§ **AIM OF THE EXERCISE**
Copy exactly, please, the lines of the data from its start through the line containing "have n_gt0 : (0".

§ **THE DATA**

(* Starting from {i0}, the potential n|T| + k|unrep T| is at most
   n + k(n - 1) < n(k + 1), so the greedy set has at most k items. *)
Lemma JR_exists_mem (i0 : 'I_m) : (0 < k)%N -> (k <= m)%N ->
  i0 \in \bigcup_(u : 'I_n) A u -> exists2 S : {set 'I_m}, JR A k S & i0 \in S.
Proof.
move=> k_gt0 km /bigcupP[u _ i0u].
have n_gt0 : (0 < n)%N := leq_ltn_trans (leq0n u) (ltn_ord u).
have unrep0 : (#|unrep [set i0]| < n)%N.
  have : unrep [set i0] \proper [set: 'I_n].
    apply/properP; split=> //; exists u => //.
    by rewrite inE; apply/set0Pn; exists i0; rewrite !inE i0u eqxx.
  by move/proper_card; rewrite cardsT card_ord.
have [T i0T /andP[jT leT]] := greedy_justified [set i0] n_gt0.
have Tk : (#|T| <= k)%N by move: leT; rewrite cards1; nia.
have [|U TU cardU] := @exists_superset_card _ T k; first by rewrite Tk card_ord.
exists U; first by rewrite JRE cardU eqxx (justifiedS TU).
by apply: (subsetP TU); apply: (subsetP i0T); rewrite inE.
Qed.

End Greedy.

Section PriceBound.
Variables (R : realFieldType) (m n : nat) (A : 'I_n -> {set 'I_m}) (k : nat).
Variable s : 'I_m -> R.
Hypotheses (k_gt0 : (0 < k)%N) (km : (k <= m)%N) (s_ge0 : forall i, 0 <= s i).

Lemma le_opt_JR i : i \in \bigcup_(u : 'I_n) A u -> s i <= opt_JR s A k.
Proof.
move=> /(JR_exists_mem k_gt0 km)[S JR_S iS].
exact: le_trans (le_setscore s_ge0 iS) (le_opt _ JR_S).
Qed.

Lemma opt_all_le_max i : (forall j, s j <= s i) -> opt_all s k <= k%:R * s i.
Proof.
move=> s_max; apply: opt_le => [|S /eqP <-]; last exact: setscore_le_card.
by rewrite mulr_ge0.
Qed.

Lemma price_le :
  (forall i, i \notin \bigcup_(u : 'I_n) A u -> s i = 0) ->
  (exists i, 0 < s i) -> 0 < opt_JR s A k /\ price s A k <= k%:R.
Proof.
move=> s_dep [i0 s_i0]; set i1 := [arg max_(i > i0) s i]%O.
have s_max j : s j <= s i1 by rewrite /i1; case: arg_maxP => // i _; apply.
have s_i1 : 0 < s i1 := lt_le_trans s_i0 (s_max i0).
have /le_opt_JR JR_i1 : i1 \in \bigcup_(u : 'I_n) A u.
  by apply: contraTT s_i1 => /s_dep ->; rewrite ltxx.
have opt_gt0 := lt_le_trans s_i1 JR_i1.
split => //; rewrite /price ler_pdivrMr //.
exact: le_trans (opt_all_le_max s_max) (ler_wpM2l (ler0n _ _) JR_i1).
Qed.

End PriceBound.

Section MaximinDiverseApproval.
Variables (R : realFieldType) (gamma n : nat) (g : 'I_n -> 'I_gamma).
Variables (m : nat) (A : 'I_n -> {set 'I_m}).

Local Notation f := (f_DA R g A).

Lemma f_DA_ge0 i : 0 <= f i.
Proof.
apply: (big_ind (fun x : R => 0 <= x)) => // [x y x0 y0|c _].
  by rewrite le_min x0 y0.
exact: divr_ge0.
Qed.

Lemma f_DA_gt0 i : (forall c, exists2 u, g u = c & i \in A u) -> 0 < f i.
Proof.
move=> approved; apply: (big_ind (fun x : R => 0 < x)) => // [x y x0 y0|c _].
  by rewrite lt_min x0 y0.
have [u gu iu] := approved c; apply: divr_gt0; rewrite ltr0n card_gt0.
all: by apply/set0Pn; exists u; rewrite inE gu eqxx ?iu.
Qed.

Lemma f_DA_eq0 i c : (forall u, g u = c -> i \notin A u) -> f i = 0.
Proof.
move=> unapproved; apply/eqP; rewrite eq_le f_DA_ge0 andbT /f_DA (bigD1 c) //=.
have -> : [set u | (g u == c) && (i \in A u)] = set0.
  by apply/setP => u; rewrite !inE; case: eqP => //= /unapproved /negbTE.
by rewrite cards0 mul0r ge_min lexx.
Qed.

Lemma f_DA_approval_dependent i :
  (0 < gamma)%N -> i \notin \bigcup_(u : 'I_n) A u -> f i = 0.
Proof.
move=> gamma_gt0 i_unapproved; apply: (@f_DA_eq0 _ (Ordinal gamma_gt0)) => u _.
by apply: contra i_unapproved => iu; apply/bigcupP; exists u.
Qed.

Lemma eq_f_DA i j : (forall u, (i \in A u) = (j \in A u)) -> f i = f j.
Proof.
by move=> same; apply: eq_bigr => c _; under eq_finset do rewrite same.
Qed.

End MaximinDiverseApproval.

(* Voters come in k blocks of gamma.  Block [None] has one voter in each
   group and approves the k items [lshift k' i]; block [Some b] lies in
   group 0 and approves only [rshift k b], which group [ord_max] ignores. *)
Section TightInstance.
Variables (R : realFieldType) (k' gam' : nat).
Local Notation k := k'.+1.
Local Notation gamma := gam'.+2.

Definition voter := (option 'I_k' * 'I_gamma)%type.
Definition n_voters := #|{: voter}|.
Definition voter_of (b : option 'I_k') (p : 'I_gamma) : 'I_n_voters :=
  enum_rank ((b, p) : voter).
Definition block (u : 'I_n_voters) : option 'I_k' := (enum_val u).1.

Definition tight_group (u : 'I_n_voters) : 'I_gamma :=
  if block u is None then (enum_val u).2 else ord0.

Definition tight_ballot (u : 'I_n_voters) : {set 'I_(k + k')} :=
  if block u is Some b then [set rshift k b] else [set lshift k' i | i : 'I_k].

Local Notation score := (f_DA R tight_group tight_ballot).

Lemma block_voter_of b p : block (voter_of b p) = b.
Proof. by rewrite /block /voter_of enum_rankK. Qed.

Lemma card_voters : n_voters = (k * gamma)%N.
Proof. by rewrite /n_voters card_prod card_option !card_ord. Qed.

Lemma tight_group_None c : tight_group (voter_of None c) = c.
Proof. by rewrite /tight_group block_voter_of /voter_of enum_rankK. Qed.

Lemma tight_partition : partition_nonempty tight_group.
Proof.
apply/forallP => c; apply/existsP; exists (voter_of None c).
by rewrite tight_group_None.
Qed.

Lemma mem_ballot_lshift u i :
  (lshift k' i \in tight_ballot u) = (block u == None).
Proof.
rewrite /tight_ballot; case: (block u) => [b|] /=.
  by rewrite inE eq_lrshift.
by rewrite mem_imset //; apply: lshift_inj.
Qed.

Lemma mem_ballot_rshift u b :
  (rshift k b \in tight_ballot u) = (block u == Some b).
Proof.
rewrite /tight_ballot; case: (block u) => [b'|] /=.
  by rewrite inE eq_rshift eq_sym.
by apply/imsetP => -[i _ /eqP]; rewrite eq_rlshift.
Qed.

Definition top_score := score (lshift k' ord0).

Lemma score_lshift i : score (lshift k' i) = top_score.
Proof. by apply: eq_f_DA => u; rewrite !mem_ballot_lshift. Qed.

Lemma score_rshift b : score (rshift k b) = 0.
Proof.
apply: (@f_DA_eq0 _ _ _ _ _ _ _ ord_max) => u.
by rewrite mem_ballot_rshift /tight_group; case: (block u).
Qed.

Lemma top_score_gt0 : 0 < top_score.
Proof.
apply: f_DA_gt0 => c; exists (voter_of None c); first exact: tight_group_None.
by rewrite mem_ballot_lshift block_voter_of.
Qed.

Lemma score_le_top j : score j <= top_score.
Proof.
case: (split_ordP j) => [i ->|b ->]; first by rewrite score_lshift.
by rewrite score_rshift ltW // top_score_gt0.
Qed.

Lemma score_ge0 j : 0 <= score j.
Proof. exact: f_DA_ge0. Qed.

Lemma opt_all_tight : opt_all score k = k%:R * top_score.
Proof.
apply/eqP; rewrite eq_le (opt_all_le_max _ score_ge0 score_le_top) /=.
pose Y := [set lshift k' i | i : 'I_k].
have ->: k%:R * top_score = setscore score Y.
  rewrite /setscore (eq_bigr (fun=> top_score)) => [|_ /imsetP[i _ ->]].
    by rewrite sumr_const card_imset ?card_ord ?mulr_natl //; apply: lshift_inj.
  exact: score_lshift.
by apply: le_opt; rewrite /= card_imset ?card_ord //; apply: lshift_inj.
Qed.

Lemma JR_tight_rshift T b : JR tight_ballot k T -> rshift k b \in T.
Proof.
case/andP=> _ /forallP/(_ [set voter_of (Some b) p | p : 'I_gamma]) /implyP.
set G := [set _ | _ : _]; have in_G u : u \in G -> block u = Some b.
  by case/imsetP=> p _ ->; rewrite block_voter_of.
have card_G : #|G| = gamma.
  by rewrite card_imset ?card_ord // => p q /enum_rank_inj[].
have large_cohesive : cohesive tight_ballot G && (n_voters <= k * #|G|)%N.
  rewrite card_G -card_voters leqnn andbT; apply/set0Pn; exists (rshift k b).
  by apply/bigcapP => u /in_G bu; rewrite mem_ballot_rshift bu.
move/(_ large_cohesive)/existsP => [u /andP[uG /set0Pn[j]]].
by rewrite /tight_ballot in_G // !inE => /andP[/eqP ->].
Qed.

§ **SOLUTION**
(* Starting from {i0}, the potential n|T| + k|unrep T| is at most
   n + k(n - 1) < n(k + 1), so the greedy set has at most k items. *)
Lemma JR_exists_mem (i0 : 'I_m) : (0 < k)%N -> (k <= m)%N ->
  i0 \in \bigcup_(u : 'I_n) A u -> exists2 S : {set 'I_m}, JR A k S & i0 \in S.
Proof.
move=> k_gt0 km /bigcupP[u _ i0u].
have n_gt0 : (0 < n)%N := leq_ltn_trans (leq0n u) (ltn_ord u).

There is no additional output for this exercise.